Ripples on a Pond

I was so excited to see the topics for this week’s Beyond BT, because I am just bursting with pride to share something on point.

When I started making little changes to live a Torah life, my then 16-year old brother noticed and asked me about what I was up to. He attends a Jewish day school so he has a decent basis in Jewish learning. We had some good conversations. When I wanted to look for a shul that fit me, he agreed to go to a different Shabbat service with me each week until I found the “right” shul. I never told him that he should change anything about what he was doing, but I was upfront about where I was with my own spirituality and answered his questions or helped him find the answer when I didn’t know the answer.

Slowly I started noticing him making his own changes. First he gave up bacon cheeseburgers and pepperoni pizza, which I know was difficult for him, because they were things he really loved eating. He also started wearing his kippa all the time. After a bunch of smaller changes (by smaller I don’t mean less important, but just ones that were easier for my brother to make) things started picking up and he asked a local Orthodox rabbi about getting his own pair of teffilin.

Tomorrow my brother leaves for a school trip to Poland and Israel. Last week I took him to get a coffee so that I could spend a little bit of time with him before he left. While we were drinking our coffees, he remarked that next time we should go to a different chain of coffee houses because they have kosher certified cakes and cookies. Then, he told me that he wanted to get a tallit katan while he was in Israel. I was so proud that he wanted to take on this mitzvah and so honored to have played my small part in his taking on these mitzvot.

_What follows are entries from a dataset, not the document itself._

Lemma normc_sum I (r : seq I) (F : I -> R[i]) :
  normc (\sum_(i <- r) F i) <= \sum_(i <- r) normc (F i).
Proof.
elim: r => [|i r IH]; first by rewrite !big_nil normc0.
by rewrite !big_cons (le_trans (le_normcD _ _)) // lerD2l.
Qed.

Lemma normcB_ge x y : normc x - normc y <= normc (x - y).
Proof. by have := le_normcD (x - y) y; rewrite subrK; lra. Qed.

Lemma normc_comb_le (a b : R) x y :
  normc ((a%:C)%C * x + (b%:C)%C * y) <= `|a| * normc x + `|b| * normc y.
Proof. by rewrite -!normc_real -!normcM le_normcD. Qed.

Lemma normc_comb_ge (a b : R) x y :
  `|a| * normc x - `|b| * normc y <= normc ((a%:C)%C * x + (b%:C)%C * y).
Proof.
rewrite -!normc_real -!normcM -(normcN (_ * y)).
by have := normcB_ge ((a%:C)%C * x) (- ((b%:C)%C * y)); rewrite opprK.
Qed.

End ComplexNorm.

Section HornerGrowth.
Variables (R : realType) (P : {poly R[i]}).
Hypothesis sizeP : (2 < size P)%N.

Let d := (size P).-1.
Let lc := normc (lead_coef P).
Let Sc := \sum_(i < d) normc P`_i.

Let lc_gt0 : 0 < lc.
Proof.
rewrite lt_def normc_ge0 andbT normc_eq0 lead_coef_eq0 -size_poly_eq0.
by rewrite -lt0n (ltn_trans _ sizeP).
Qed.

Let Sc_ge0 : 0 <= Sc.
Proof. by apply: sumr_ge0 => i _; exact: normc_ge0. Qed.

Lemma normc_horner_ge y : 1 <= normc y -> normc y * (lc * normc y - Sc) <= normc P.[y].
Proof.
move=> y1; have sizeP_d : size P = d.+1 by rewrite /d prednK // (ltn_trans _ sizeP).
have d2 : (2 <= d)%N by rewrite -ltnS -sizeP_d.
rewrite (horner_coef_wide y (_ : size P <= d.+1)%N) ?sizeP_d // big_ord_recr /=.
set low := \sum_(i < d) _; set Y := normc y in y1 *; set E := Y ^+ d.-1.
have lowE : normc low <= Sc * E.
  rewrite (le_trans (normc_sum _ _)) // /Sc big_distrl /= ler_sum // => i _.
  rewrite normcM normcX ler_wpM2l ?normc_ge0 // ler_weXn2l //.
  by rewrite -ltnS prednK ?ltn_ord // (ltn_trans _ d2).
have topE : normc (lead_coef P * y ^+ d) = lc * (Y * E).
  by rewrite normcM normcX -exprS prednK // (ltn_trans _ d2).
have YE : Y <= E by rewrite ler_eXnr // -ltnS prednK // (ltn_trans _ d2).
have := normcB_ge (lead_coef P * y ^+ d) (- low).
rewrite opprK normcN topE addrC.
have [pos|neg] := leP 0 (lc * Y - Sc); last first.
  by move=> _; apply: le_trans (normc_ge0 _); rewrite mulr_ge0_le0 ?(ltW neg) //; lra.
have : Y * (lc * Y - Sc) <= E * (lc * Y - Sc) by apply: ler_wpM2r.
nra.
Qed.

(* Degree at least 2 is what makes [P.[y]] beat every linear term. *)
Lemma horner_growth (alpha : R[i]) (M L : R) : 0 <= M ->
  exists R0 : R, forall y v, R0 <= normc y -> normc v <= M * normc y ->
    L * normc y < normc (P.[y] - alpha * v).
Proof.
move=> M0; have a0 := normc_ge0 alpha; have lc0 := ltW lc_gt0.
set c := `|L| + Sc + normc alpha * M.
have c0 : 0 <= c by rewrite !addr_ge0 ?mulr_ge0.
exists (1 + c / lc) => y v yR0 vM.
have y1 : 1 <= normc y by apply: le_trans yR0; rewrite lerDl divr_ge0.
have lcY : lc + c <= lc * normc y.
  by have := ler_wpM2l lc0 yR0; rewrite mulrDr mulr1 mulrCA divff ?gt_eqF // mulr1.
have Py := normc_horner_ge y1.
have := normcB_ge P.[y] (alpha * v); rewrite normcM.
have av : normc alpha * normc v <= normc alpha * (M * normc y) by rewrite ler_wpM2l.
set Y := normc y in y1 lcY Py av *.
have Y0 : 0 <= Y by lra.
have YlcY : Y * (lc + c) <= Y * (lc * Y) := ler_wpM2l Y0 lcY.
have YL : Y * L <= Y * `|L| := ler_wpM2l Y0 (ler_norm L).
have Ylc : 0 < Y * lc by rewrite mulr_gt0 //; lra.
rewrite /c in YlcY; nra.
Qed.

It’s amazing how much differently things go when you aren’t pushy. I think the best thing we can do to help bring our friends and family members closer to Hashem is to be a good role model and to have honest, non-judgmental conversations about Judaism.

9 comments on “Ripples on a Pond

  1. CLKL–Your sister is Kosher Newbie? I love her blog! I’m so excited to discover your blog here. What a small world!

    Gershon Seif–So true! I had a great teacher in third grade who was more likely to respond to a question with “what do you think?” than to provide an answer. I remember being so amazed that an adult wanted to hear my opinion and thought I was capable of thinking on my own. The fact that she didn’t hover over me and direct my every move really made an impact on me.

    Charnie–That is exactly the chain my brother suggested! It is so nice to have hundreds upon hundreds of coffee shops all over the place that are kosher certified. It’s like a tiny taste of what I imagine Israel is like.

  2. You’re so lucky, LA has the greatest kosher coffee place in the USA, Coffeebean & Tea Leaf (I think I have the name right). Not just better then Starbucks because it’s 100% kosher (muffins, et al), but because their coffees (hot & cold) are better too.

    Keep us posted on your brother’s journeys, literal and figurative.

  3. It’s like sharing a meal with wild birds. You need to pack a picnic to satisfy yourself and resolve to enjoy it for its own sake. Then you can spread an attractive blanket and make your sandwich available, while being sure not to chase them away. But, if you do anything aggressive to try to catch one, you’ll be eating alone for sure.

  4. So beautiful.

    And it’s true about every kind of relationships we have. And it’s not only about kiruv. This is true of parent/child relationships, spouses, siblings, teachers/students, and even rabbis/communities.

    The people who had the greatest impact on my life never told me what to do. They were inspired people and great role models. I eventually went to them with my questions. The wisest of those mentors, even then, still didn’t tell me what to do. They just put the options on the table.

  5. That’s wonderful, Fern!

    Your brother’s transformation is due, not doubt, to your gentle and enthusiastic example.

    I know how it feels to sit in amazement and wonder at something like this. My sister kashered her kitchen just after pesach THIS year. We came from a completely non-observant home. I became observant over two decades ago, and had absolutely no expectation of…well, anything… in this area from her. In fact, she was always quite emphatic that my ‘lifestyle’ held no interest for her.

    Just last week, I posted about why I’m not planning to ‘sell’ my sister on shabbat observance.

    May you and your brother share much progress (and kosher meals!) together. Kol Hakavod to both of you.